[Collected data entries]
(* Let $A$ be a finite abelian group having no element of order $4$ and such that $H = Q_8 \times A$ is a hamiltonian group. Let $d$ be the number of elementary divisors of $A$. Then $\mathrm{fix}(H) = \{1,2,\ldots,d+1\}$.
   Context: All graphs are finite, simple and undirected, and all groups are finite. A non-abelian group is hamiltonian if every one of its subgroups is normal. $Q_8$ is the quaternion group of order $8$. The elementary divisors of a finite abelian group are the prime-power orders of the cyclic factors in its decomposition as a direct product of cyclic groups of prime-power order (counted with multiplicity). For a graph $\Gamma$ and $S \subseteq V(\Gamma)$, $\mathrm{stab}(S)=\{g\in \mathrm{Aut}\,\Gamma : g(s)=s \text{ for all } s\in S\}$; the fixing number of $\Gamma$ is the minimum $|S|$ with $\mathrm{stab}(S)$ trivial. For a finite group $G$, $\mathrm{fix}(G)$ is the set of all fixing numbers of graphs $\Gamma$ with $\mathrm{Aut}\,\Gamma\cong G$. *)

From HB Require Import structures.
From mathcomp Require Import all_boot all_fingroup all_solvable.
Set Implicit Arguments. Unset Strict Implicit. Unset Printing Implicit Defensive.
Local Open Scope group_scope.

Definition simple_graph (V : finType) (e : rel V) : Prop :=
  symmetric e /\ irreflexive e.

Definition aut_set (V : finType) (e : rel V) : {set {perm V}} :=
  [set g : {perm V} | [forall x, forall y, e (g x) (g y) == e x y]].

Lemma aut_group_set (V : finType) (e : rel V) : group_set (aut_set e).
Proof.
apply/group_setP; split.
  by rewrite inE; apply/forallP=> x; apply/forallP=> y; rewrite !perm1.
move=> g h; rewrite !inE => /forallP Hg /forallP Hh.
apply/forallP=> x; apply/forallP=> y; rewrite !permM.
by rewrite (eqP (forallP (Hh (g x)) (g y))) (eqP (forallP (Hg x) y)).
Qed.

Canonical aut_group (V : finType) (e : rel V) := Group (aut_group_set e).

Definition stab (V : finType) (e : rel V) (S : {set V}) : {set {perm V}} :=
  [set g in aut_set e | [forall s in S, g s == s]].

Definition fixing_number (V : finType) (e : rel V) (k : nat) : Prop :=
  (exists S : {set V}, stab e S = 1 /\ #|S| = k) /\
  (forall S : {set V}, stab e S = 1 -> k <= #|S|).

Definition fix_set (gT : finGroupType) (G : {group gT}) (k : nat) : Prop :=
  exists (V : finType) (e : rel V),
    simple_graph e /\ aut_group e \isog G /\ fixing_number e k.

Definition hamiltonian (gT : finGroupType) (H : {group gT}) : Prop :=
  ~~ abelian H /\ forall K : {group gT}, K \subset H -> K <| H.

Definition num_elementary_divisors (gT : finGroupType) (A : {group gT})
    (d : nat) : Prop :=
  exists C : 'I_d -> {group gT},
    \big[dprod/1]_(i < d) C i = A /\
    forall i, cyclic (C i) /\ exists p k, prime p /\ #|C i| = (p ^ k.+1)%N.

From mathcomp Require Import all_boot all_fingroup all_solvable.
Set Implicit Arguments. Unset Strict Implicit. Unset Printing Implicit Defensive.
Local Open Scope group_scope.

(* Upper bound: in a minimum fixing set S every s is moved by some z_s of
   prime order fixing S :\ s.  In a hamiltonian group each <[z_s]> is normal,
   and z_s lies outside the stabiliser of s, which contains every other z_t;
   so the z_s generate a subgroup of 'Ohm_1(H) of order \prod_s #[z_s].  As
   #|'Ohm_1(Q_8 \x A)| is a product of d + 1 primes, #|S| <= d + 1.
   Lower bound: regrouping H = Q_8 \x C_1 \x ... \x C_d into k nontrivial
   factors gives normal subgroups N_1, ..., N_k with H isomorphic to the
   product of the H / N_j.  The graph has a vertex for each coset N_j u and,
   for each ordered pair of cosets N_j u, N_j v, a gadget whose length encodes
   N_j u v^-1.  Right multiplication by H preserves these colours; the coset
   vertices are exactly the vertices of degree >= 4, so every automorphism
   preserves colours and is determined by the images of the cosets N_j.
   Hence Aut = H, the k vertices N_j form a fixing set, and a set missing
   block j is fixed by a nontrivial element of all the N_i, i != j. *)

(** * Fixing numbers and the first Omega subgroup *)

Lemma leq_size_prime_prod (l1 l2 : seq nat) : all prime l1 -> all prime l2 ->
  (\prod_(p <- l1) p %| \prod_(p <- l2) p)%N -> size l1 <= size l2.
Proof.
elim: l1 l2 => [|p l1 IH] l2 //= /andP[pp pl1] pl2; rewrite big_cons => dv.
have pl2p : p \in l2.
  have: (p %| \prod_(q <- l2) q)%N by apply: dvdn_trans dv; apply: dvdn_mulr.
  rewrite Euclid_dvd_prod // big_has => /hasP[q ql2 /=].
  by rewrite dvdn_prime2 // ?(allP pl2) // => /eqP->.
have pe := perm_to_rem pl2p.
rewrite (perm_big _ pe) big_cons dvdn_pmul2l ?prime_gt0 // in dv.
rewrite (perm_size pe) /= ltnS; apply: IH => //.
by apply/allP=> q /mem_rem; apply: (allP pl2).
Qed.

* * *

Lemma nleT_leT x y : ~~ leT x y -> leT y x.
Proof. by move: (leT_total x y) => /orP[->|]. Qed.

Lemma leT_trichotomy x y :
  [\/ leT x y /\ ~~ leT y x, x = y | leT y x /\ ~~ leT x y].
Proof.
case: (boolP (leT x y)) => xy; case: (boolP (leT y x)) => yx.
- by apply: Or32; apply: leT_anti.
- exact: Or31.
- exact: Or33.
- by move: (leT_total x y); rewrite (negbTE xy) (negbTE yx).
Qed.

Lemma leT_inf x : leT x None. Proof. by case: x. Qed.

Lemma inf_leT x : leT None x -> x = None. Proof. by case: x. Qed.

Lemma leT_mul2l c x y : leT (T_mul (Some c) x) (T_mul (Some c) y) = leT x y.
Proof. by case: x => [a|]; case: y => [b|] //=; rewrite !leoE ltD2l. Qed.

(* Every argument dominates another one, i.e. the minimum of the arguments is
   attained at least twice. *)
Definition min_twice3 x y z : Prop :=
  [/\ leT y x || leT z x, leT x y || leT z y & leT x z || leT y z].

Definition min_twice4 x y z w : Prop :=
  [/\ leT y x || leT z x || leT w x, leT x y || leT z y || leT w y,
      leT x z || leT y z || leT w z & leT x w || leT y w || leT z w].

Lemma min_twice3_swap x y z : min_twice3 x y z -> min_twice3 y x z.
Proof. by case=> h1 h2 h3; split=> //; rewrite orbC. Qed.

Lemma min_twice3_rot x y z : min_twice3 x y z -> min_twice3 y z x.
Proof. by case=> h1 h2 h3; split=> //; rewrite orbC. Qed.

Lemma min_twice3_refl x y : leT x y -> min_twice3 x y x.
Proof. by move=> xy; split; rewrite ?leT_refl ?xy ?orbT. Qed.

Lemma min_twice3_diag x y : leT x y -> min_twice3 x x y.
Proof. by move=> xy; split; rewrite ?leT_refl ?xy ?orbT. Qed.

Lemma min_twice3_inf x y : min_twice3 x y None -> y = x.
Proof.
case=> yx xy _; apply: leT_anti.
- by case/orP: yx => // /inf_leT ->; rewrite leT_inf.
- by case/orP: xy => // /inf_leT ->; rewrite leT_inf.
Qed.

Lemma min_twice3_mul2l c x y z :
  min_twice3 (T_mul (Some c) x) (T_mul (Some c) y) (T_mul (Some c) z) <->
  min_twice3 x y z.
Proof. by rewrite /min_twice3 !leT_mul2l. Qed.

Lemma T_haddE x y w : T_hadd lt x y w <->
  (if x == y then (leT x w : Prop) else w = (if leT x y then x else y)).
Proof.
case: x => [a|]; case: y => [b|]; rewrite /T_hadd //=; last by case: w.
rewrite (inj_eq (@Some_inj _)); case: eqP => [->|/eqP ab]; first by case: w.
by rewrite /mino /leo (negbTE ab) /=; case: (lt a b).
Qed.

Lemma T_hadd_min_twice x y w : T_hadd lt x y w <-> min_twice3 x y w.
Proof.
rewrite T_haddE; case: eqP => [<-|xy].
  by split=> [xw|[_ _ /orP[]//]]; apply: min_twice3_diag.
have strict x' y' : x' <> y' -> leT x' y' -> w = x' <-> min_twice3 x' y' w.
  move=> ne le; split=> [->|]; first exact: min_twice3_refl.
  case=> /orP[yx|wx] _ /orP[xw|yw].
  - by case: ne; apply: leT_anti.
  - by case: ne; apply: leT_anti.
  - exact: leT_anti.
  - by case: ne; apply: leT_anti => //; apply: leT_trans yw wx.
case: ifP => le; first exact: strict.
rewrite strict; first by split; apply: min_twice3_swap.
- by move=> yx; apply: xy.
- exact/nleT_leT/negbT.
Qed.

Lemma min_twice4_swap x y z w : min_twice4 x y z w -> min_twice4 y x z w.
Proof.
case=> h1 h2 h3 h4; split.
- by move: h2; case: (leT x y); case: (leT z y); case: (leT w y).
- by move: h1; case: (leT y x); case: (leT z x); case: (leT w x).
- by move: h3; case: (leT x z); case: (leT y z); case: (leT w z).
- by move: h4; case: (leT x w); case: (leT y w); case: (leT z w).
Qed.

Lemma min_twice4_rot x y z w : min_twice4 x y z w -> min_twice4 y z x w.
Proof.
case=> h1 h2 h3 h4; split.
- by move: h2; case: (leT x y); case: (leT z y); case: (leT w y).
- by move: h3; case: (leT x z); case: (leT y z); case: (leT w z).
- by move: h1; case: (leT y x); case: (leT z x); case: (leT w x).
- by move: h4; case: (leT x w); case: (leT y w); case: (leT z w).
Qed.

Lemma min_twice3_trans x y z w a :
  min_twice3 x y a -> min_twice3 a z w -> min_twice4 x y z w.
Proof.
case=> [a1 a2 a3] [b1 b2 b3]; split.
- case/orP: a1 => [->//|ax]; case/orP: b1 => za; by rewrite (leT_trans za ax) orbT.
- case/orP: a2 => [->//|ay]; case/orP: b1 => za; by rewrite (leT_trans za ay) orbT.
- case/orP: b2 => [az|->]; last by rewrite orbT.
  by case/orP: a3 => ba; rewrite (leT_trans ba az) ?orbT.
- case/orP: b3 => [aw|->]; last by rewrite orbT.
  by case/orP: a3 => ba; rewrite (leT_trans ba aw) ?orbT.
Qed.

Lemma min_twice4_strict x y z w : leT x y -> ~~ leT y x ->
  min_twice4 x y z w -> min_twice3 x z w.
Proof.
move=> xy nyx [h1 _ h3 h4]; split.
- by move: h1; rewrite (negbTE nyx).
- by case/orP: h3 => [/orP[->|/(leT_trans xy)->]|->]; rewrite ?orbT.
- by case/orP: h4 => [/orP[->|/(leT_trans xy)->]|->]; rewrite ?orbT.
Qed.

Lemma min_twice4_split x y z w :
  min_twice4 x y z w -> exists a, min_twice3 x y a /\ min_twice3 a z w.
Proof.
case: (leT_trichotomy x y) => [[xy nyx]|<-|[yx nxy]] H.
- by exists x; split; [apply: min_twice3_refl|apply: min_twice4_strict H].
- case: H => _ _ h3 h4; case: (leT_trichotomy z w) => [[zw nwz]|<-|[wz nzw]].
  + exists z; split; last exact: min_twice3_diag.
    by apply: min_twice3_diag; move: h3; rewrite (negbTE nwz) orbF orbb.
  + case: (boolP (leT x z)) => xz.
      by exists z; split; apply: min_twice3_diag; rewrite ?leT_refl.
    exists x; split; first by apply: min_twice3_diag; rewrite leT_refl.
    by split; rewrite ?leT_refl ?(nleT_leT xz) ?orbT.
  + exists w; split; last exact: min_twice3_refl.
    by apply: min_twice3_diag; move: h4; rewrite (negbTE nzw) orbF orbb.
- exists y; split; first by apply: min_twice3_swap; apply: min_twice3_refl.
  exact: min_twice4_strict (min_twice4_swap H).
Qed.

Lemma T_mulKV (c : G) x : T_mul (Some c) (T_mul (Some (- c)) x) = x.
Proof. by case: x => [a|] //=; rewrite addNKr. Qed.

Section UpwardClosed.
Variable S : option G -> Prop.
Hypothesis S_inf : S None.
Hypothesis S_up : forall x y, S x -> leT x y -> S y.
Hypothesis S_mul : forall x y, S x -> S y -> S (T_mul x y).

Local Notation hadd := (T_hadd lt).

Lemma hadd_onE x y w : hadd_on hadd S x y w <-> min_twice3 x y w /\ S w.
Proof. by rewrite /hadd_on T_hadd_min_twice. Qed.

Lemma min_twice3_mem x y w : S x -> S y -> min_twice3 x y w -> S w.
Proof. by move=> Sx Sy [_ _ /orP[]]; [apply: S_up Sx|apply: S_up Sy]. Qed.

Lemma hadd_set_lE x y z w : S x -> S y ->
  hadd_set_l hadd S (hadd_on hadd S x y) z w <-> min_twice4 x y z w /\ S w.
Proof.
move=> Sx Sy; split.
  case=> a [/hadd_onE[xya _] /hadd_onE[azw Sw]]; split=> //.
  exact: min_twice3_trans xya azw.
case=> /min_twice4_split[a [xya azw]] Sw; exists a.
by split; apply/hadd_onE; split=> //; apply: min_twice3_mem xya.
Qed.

Work instructions –
From the line that has "- by case: ne; apply: leT_anti =>" through the line that has "- case/orP: b3", copy every line exactly as it appears above, and leave out all others.

Response below –
  - by case: ne; apply: leT_anti => //; apply: leT_trans yw wx.
case: ifP => le; first exact: strict.
rewrite strict; first by split; apply: min_twice3_swap.
- by move=> yx; apply: xy.
- exact/nleT_leT/negbT.
Qed.

Lemma min_twice4_swap x y z w : min_twice4 x y z w -> min_twice4 y x z w.
Proof.
case=> h1 h2 h3 h4; split.
- by move: h2; case: (leT x y); case: (leT z y); case: (leT w y).
- by move: h1; case: (leT y x); case: (leT z x); case: (leT w x).
- by move: h3; case: (leT x z); case: (leT y z); case: (leT w z).
- by move: h4; case: (leT x w); case: (leT y w); case: (leT z w).
Qed.

Lemma min_twice4_rot x y z w : min_twice4 x y z w -> min_twice4 y z x w.
Proof.
case=> h1 h2 h3 h4; split.
- by move: h2; case: (leT x y); case: (leT z y); case: (leT w y).
- by move: h3; case: (leT x z); case: (leT y z); case: (leT w z).
- by move: h1; case: (leT y x); case: (leT z x); case: (leT w x).
- by move: h4; case: (leT x w); case: (leT y w); case: (leT z w).
Qed.

Lemma min_twice3_trans x y z w a :
  min_twice3 x y a -> min_twice3 a z w -> min_twice4 x y z w.
Proof.
case=> [a1 a2 a3] [b1 b2 b3]; split.
- case/orP: a1 => [->//|ax]; case/orP: b1 => za; by rewrite (leT_trans za ax) orbT.
- case/orP: a2 => [->//|ay]; case/orP: b1 => za; by rewrite (leT_trans za ay) orbT.
- case/orP: b2 => [az|->]; last by rewrite orbT.
  by case/orP: a3 => ba; rewrite (leT_trans ba az) ?orbT.
- case/orP: b3 => [aw|->]; last by rewrite orbT.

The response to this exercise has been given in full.